I like to think I'm not a picky eater. Sure, there are things I know I don't like, but in general I'm willing to try anything once. I also know that there are a lot of things I never would have tried before that summer, things like sushi. That was one of the best summers ever, and I'm still very greatful to my aunt and uncle for what they had to deal with in order to let me stay with them for three whole months (I was 15 after all, and they are a couple who probably never imagined that they would have a teenage girl to care for since they don't have kids).
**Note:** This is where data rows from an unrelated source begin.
Lemma cone_filling_chain : is_chain p.+1 (cone_filling p c).
Proof.
move=> u; rewrite ffunE.
pose coned_to s := covering_simplex p s && (apex s |: s == u).
have [s /andP [cov_s /eqP <-] _|no_cone] := pickP coned_to.
  have [clique_s covering_s card_s] := covering_simplexP cov_s.
  have <- : #|s| = p.+1 by apply: succn_inj; rewrite card_s.
  exact: apex_simplex.
by rewrite big_pred0 ?eqxx.
Qed.

Lemma incidence_apex s t : covering_simplex p s -> ~~ in_face t ->
  incidence t (apex s |: s) = ((t == s)%:R * apex_sign s)%R.
Proof.
case/covering_simplexP => clique_s covering_s card_s not_face_t.
have apex_s := apex_notin clique_s covering_s card_s n_ge5.
rewrite /incidence (bigD1 (apex s)) ?setU11 //= setU1K // big1 ?addr0 // => x /andP [xt xw].
have xs : x \in s by case/setU1P: xt => // xa; rewrite xa eqxx in xw.
have [tx|] := eqVneq t _; last by rewrite mul0r.
by case/negP: not_face_t; rewrite tx; apply: apex_face.
Qed.

Lemma boundary_cone_filling t : ~~ in_face t ->
  boundary (cone_filling p c) t = ((is_simplex p t)%:R * c t)%R.
Proof.
move=> not_face_t.
have t0 : t != set0 by apply: contraNneq not_face_t => ->; apply: in_face_set0; lia.
rewrite boundaryE //.
transitivity (\sum_(s | covering_simplex p s) c s * apex_sign s * incidence t (apex s |: s))%R.
  rewrite [RHS](partition_big (fun s => apex s |: s) xpredT) //=; apply: eq_bigr => u _.
  by rewrite ffunE mulr_suml; apply: eq_bigr => s /andP [_ /eqP ->].
rewrite (eq_bigr (fun s => c s * (t == s)%:R)%R) => [|s cov_s]; last first.
  by rewrite incidence_apex // mulrAC -!mulrA -expr2 sqrr_sign mulr1.
rewrite big_mkcond (bigD1 t) //= big1 ?addr0 => [|s /negbTE ts]; last first.
  by rewrite eq_sym ts mulr0; case: ifP.
by rewrite /covering_simplex not_face_t andbT eqxx mulr1; case: ifP; rewrite ?mul1r ?mul0r.
Qed.

End ConeFilling.

Theorem mainTheorem16 (n p : nat) (c : chain n) :
  5 <= n -> p <= n - 2 -> is_cycle p c ->
  exists c' : chain n,
    [/\ is_cycle p c', homologous p c c' &
        forall s, c' s != 0%R -> in_face s].
Proof.
move=> n_ge5 le_pn [chain_c cycle_c].
have [small|large] := ltnP p (n - 2).
  exists c; split=> //; first exact: homologous_refl.
  by move=> s /chain_c /small_simplex_in_face; apply.
have pn : p.+2 = n by lia.
set d := cone_filling p c.
have chain_d : is_chain p.+1 d := cone_filling_chain n_ge5 pn.
exists (c - boundary d)%R; split.
- split; first exact: chainB chain_c (boundary_chain chain_d).
  by rewrite boundaryB cycle_c boundaryK subrr.
- by exists d; rewrite opprB addrC subrK.
- move=> t; apply: contraR => not_face_t.
  have -> : (c - boundary d)%R t = (c t - boundary d t)%R by rewrite !ffunE.
  rewrite boundary_cone_filling //.
  by have [->|/chain_c ->] := eqVneq (c t) 0%R; rewrite ?mulr0 ?mul1r subrr.
Qed.
Lemma traj_dist_sqr m i n : (m <= i <= n)%N ->
  dot (traj i - traj m) (traj i - traj m) <= dissipation m n * rel_growth m n.
Proof.
case/andP=> mi in_.
have sqrtK j : Num.sqrt (r j) ^+ 2 = r j by rewrite sqr_sqrtr // ltW ?rseq_gt0.
have sqrt_gt0 j : 0 < Num.sqrt (r j) by rewrite sqrtr_gt0 rseq_gt0.
have cs : (\sum_(m <= j < i) `|innov j / r j| * enorm (phi j)) ^+ 2
          <= dissipation m i * rel_growth m i.
  have termE j : `|innov j / r j| * enorm (phi j)
      = `|innov j| / Num.sqrt (r j) * (enorm (phi j) / Num.sqrt (r j)).
    rewrite normrM (@ger0_norm _ (r j)^-1) ?invr_ge0 ?ltW ?rseq_gt0 //.
    by rewrite -[in LHS](sqrtK j); field; rewrite gt_eqF.
  have dissE :
      dissipation m i = \sum_(m <= j < i) (`|innov j| / Num.sqrt (r j)) ^+ 2.
    by apply: eq_bigr => j _; rewrite expr_div_n sqrtK real_normK ?num_real.
  have growthE :
      rel_growth m i = \sum_(m <= j < i) (enorm (phi j) / Num.sqrt (r j)) ^+ 2.
    by apply: eq_bigr => j _; rewrite expr_div_n sqrtK enorm_sqr.
  rewrite (eq_bigr _ (fun j _ => termE j)) dissE growthE.
  exact: cauchy_schwarz_sum.
rewrite -enorm_sqr; apply: le_trans (le_trans _ cs) _.
  have sum_ge0 : 0 <= \sum_(m <= j < i) `|innov j / r j| * enorm (phi j).
    by apply: sumr_ge0 => j _; rewrite mulr_ge0 ?enorm_ge0.
  by rewrite ler_sqr ?nnegrE ?enorm_ge0 // traj_dist.
have widen (f : nat -> R) : (forall j, 0 <= f j) ->
    \sum_(m <= j < i) f j <= \sum_(m <= j < n) f j.
  by move=> f_ge0; exact: ler_sum_nat_sub f_ge0 (leqnn m) mi in_.
apply: ler_pM; rewrite ?dissipation_ge0 ?rel_growth_ge0 ?widen // => j.
  by rewrite divr_ge0 ?sqr_ge0 ?ltW ?rseq_gt0.
by rewrite divr_ge0 ?dot_ge0 ?ltW ?rseq_gt0.
Qed.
This recipe is for them. Cuban Ropa Vieja cooks all day in the slow cooker and comes out so flavorful and tender that it just falls apart (at least it does if you cook it on low for 10 hours instead of on high for 4). I can't say that it's authentic Cuban food, but it was damn tasty. We served ours with rice and black beans with a sprinkle of lime juice, but we also threw on some shredded monterey jack cheese even though I know that's not authentic. Still, damn tasty. Love you Uncle Robert and Aunt Laura!
Cuban Ropa Vieja
Recipe from All Recipes
1 tablespoon vegetable oil
2 pounds beef flank steak
1 cup beef broth
1 (8 ounce) can tomato sauce
1 small onion, sliced
1 green bell pepper, seeded and sliced into strips
2 cloves garlic, chopped
1 (6 ounce) can tomato paste
1 teaspoon ground cumin
1 teaspoon chopped fresh cilantro
1 tablespoon olive oil
1 tablespoon white vinegar
- Heat vegetable oil in a large skillet over medium-high heat. Brown the flank steak on each side, about 4 minutes per side.
- Transfer beef to a slow cooker. Pour in the beef broth and tomato sauce, then add the onion, bell pepper, garlic, tomato paste, cumin, cilantro, olive oil and vinegar. Stir until well blended. Cover, and cook on High for 4 hours, or on Low for up to 10 hours. When ready to serve, shred meat and serve with tortillas or rice.